Changing the functional specificity of Dfd. (A) Wild-type expression pattern of fkh250-lacZ. (B,C) Ectopic expression of Dfd^NScrSM (B) or Dfd^ScrSMΔ23 (C) activates fkh250-lacZ (yellow arrowheads), showing a change in specificity. (D,E) Ectopic expression of DfdΔ23 (D) or Dfd^ScrSMΔ23^AAAA (E) represses fkh250-lacZ in PS2 (red arrowhead), emphasizing the importance of Scr's SM- and Exd-mediated cooperative binding in activation of fkh250-lacZ. (F–H) Ectopic expression of Dfd^NScrSM (F), Dfd^ScrSMΔ23 (G), or DfdΔ23 (H) activates EAE-lacZ. These proteins retain the ability to activate Dfd, like Dfd^WT. (I) Ectopic expression of Dfd^ScrSMΔ23^AAAA does not activate EAE-lacZ, emphasizing the importance of Exd recruitment in EAE-lacZ activation. (J–O) Cuticle phenotypes resulting from ubiquitous expression of Dfd^WT (J), Scr^WT (K), Dfd^NScrSM (L), Dfd^ScrSMΔ23 (M), DfdΔ23 (N), and Dfd^ScrSMΔ23^AAAA (O). Scr-specific structures (ectopic T1 beard) are indicated with green arrowheads, and Dfd-specific structures (cirri) are indicated by white arrowheads. Dark-field and phase-contrast images for the T2 segment are shown for all cuticles.

Figure 7.

Interplay between DNA-binding specificity and transcriptional output. (A) Specific in vivo functions of Scr and Dfd.

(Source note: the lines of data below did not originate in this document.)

(* Let $q$ be a prime power and $m>1$ an integer. Let $L_1(x)\in\mathbf{F}_{q^m}[x]$ be a linearized polynomial that is a permutation polynomial of $\mathbf{F}_{q^m}$, and let $L_2(x)\in\mathbf{F}_{q^m}[x]$ be a linearized polynomial. Let $b\in\mathbf{F}_q$, $\gamma\in\mathbf{F}_{q^m}$, let $h:\mathbf{F}_q\to\mathbf{F}_q$ be a map, and let $f:\mathbf{F}_{q^m}\to\mathbf{F}_q$ be a surjective map. Suppose $L_1^{-1}(L_2(\gamma))$ is a $b$-linear translator of $f$, where $L_1^{-1}$ denotes the inverse of the bijection $x\mapsto L_1(x)$ of $\mathbf{F}_{q^m}$. Then $L_1(x)+L_2(\gamma)h(f(x))$ is a permutation polynomial of $\mathbf{F}_{q^m}$ if and only if either $L_2(\gamma)=0$ or $x+b\,h(x)$ is a permutation polynomial of $\mathbf{F}_q$.
   Context: A linearized polynomial over $\mathbf{F}_{q^m}$ is a polynomial of the form $\sum_{i=0}^{m-1}a_i x^{q^i}$ with $a_i\in\mathbf{F}_{q^m}$. Linear translator: let $f:\mathbf{F}_{q^m}\to\mathbf{F}_q$, $a\in\mathbf{F}_q$ and $\alpha$ a nonzero element of $\mathbf{F}_{q^m}$; $\alpha$ is an $a$-linear translator of $f$ if $f(x+u\alpha)-f(x)=ua$ for all $x\in\mathbf{F}_{q^m}$ and all $u\in\mathbf{F}_q$. A permutation polynomial (or map) of a finite field $K$ is one inducing a bijection $K\to K$. *)

(* F_q is modelled by F : finFieldType (q := #|F|, automatically
   a prime power), F_{q^m} by L : fieldExtType F with m := \dim {:L}. *)
From HB Require Import structures.
From mathcomp Require Import all_boot all_order all_algebra all_field.
Set Implicit Arguments. Unset Strict Implicit. Unset Printing Implicit Defensive.
Import GRing.Theory.
Local Open Scope ring_scope.

Definition linearized (F : finFieldType) (L : fieldExtType F) (p : {poly L}) : Prop :=
  exists a : 'I_(\dim {: L}%VS) -> L,
    p = \sum_(i < \dim {: L}%VS) a i *: 'X^(#|F| ^ i)%N.

Definition is_perm (K : Type) (g : K -> K) : Prop := bijective g.

Definition linear_translator (F : finFieldType) (L : fieldExtType F)
    (f : L -> F) (alpha : L) (b : F) : Prop :=
  alpha != 0 /\ forall (x : L) (u : F), f (x + u%:A * alpha) - f x = u * b.

(* Write alpha := L1^-1(L2(gamma)), phi x := x + h(f x) alpha and
   psi y := y + b h(y).  Since L1 is additive and F-linear,
   L1(x) + L2(gamma) h(f x) = L1(phi x), so the map of the theorem permutes
   F_{q^m} exactly when phi does.  The translator property gives
   f o phi = psi o f: as f is onto, a permutation phi forces psi onto, and
   conversely an injective psi makes phi injective, because phi x = phi y
   first forces f x = f y and then x = y.  Finiteness turns injective or
   onto maps into permutations.  The case L2(gamma) = 0 cannot occur, since
   a linear translator is nonzero. *)
From HB Require Import structures.
From mathcomp Require Import all_boot all_order all_algebra all_field all_fingroup all_solvable.
Set Implicit Arguments. Unset Strict Implicit. Unset Printing Implicit Defensive.
Import GRing.Theory.
Local Open Scope ring_scope.

Lemma surjF_bij (T : finType) (g : T -> T) :
  (forall y, exists x, g x = y) -> bijective g.
Proof.
move=> g_onto; have g_onto' y : exists x, g x == y.
  by have [x /eqP] := g_onto y; exists x.
pose s y := xchoose (g_onto' y).
have sK : cancel s g by move=> y; exact/eqP/(xchooseP (g_onto' y)).
exact: (bij_can_bij (injF_bij (can_inj sK)) sK).
Qed.

Section Linearized.
Variables (F : finFieldType) (L : fieldExtType F).

Lemma pchar_nat_card : [pchar L].-nat #|F|.
Proof.
have [p _ pFp] := finPcharP F.
have := abelem_pgroup (fin_ring_pchar_abelem pFp).
rewrite /pgroup cardsT; apply: sub_in_pnat => r _.
by rewrite inE => /eqP ->; rewrite (pchar_lalg L).
Qed.

Lemma expf_card_exp (u : F) i : u ^+ (#|F| ^ i) = u.
Proof.
elim: i => [|i IHi]; first by rewrite expr1.
by rewrite expnS exprM expf_card IHi.
Qed.

Variable p : {poly L}.
Hypothesis p_lin : linearized p.

Lemma linearizedD x y : p.[x + y] = p.[x] + p.[y].
Proof.
case: p_lin => a ->; rewrite !horner_sum -big_split /=; apply: eq_bigr => i _.
rewrite !hornerZ !hornerXn -mulrDr exprDn_pchar //.
by rewrite pnatX pchar_nat_card.
Qed.

Lemma linearizedZ (u : F) x : p.[u%:A * x] = u%:A * p.[x].
Proof.
case: p_lin => a ->; rewrite !horner_sum mulr_sumr; apply: eq_bigr => i _.
by rewrite !hornerZ !hornerXn !mulr_algl exprZn expf_card_exp scalerAr.
Qed.

Lemma linearized0 : p.[0] = 0.
Proof. by have := linearizedZ 0 0; rewrite scale0r !mul0r. Qed.

End Linearized.

Section LinearTranslator.
Variables (F : finFieldType) (L : fieldExtType F).
Variables (f : L -> F) (alpha : L) (b : F) (h : F -> F).
Hypothesis alpha_tr : linear_translator f alpha b.

Lemma translator_shift x : f (x + (h (f x))%:A * alpha) = f x + b * h (f x).
Proof.
have /eqP := alpha_tr.2 x (h (f x)).
by rewrite subr_eq => /eqP ->; rewrite addrC mulrC.
Qed.

Lemma translator_shift_inj :
  injective (fun y => y + b * h y) ->
  injective (fun x => x + (h (f x))%:A * alpha).
Proof.
move=> psi_inj x y /= Exy.
have Ef : f x = f y by apply: psi_inj; rewrite -!translator_shift Exy.
by move: Exy; rewrite Ef => /addIr.
Qed.

Lemma translator_shift_surj :
  (forall y, exists x, f x = y) ->
  (forall z, exists x, x + (h (f x))%:A * alpha = z) ->
  forall y, exists x, x + b * h x = y.
Proof.
move=> f_onto phi_onto y; have [z <-] := f_onto y.
have [x <-] := phi_onto z.
by exists (f x); rewrite translator_shift.
Qed.

End LinearTranslator.

Theorem theorem4p1 (F : finFieldType) (L : fieldExtType F)
    (L1 L2 : {poly L}) (L1inv : L -> L) (b : F) (gamma : L)
    (h : F -> F) (f : L -> F) :
  (1 < \dim {: L}%VS)%N ->
  linearized L1 -> is_perm (fun x => L1.[x]) ->
  cancel (fun x => L1.[x]) L1inv -> cancel L1inv (fun x => L1.[x]) ->
  linearized L2 ->
  (forall y : F, exists x : L, f x = y) ->
  linear_translator f (L1inv L2.[gamma]) b ->
  (is_perm (fun x : L => L1.[x] + L2.[gamma] * (h (f x))%:A)
   <-> L2.[gamma] = 0 \/ is_perm (fun x : F => x + b * h x)).
Proof.
move=> _ L1_lin _ L1K L1invK _ f_onto alpha_tr.
set c := L2.[gamma] in alpha_tr *; set alpha := L1inv c in alpha_tr.
have G_L1phi x :
    L1.[x] + c * (h (f x))%:A = L1.[x + (h (f x))%:A * alpha].
  by rewrite linearizedD // linearizedZ // L1invK mulrC.
split=> [[G' GK G'K] | psi_perm].
- right; apply: surjF_bij; apply: (translator_shift_surj alpha_tr f_onto) => z.
  exists (G' L1.[z]).
  by apply: (can_inj L1K); rewrite -G_L1phi G'K.
- have psi_inj : injective (fun y => y + b * h y).
    case: psi_perm => [c0 | /bij_inj //].
    have L1inv0 : L1inv 0 = 0 by rewrite -{1}(linearized0 L1_lin) L1K.
    by case: alpha_tr => + _; rewrite /alpha c0 L1inv0 eqxx.
  apply: (@injF_bij (finvect_type L)) => x y /=; rewrite !G_L1phi.
  by move/(can_inj L1K)/(translator_shift_inj alpha_tr psi_inj).
Qed.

Green arrows indicate specific functions, the repression bar is indicated in red, and the black line indicates no effect. (B–F) Schematized is a subset of the various regulatory scenarios examined in this study. Activation is indicated by a green arrow, and the repression bar is indicated in red. A comparison between Dfd^ScrSM–Exd bound to fkh250 (C), which represses transcription, and Dfd^ScrSMΔ23–Exd bound to fkh250 (E), which activates transcription, suggests that motifs 2 and 3 are required to either recruit a corepressor or block the recruitment of a coactivator. A comparison between DfdΔ23–Exd bound to fkh250 (D), which represses transcription, and Dfd^ScrSMΔ23–Exd bound to fkh250 (E), which activates transcription, suggests that differences in the specificity module, and thus how these proteins bind to fkh250, determines the sign of the regulation. Finally, a comparison between DfdΔ23–Exd bound to fkh250 (D), which represses transcription, and DfdΔ23–Exd bound to EAE (F), which activates transcription, suggests that differences between binding sites also contribute to differences in regulatory output.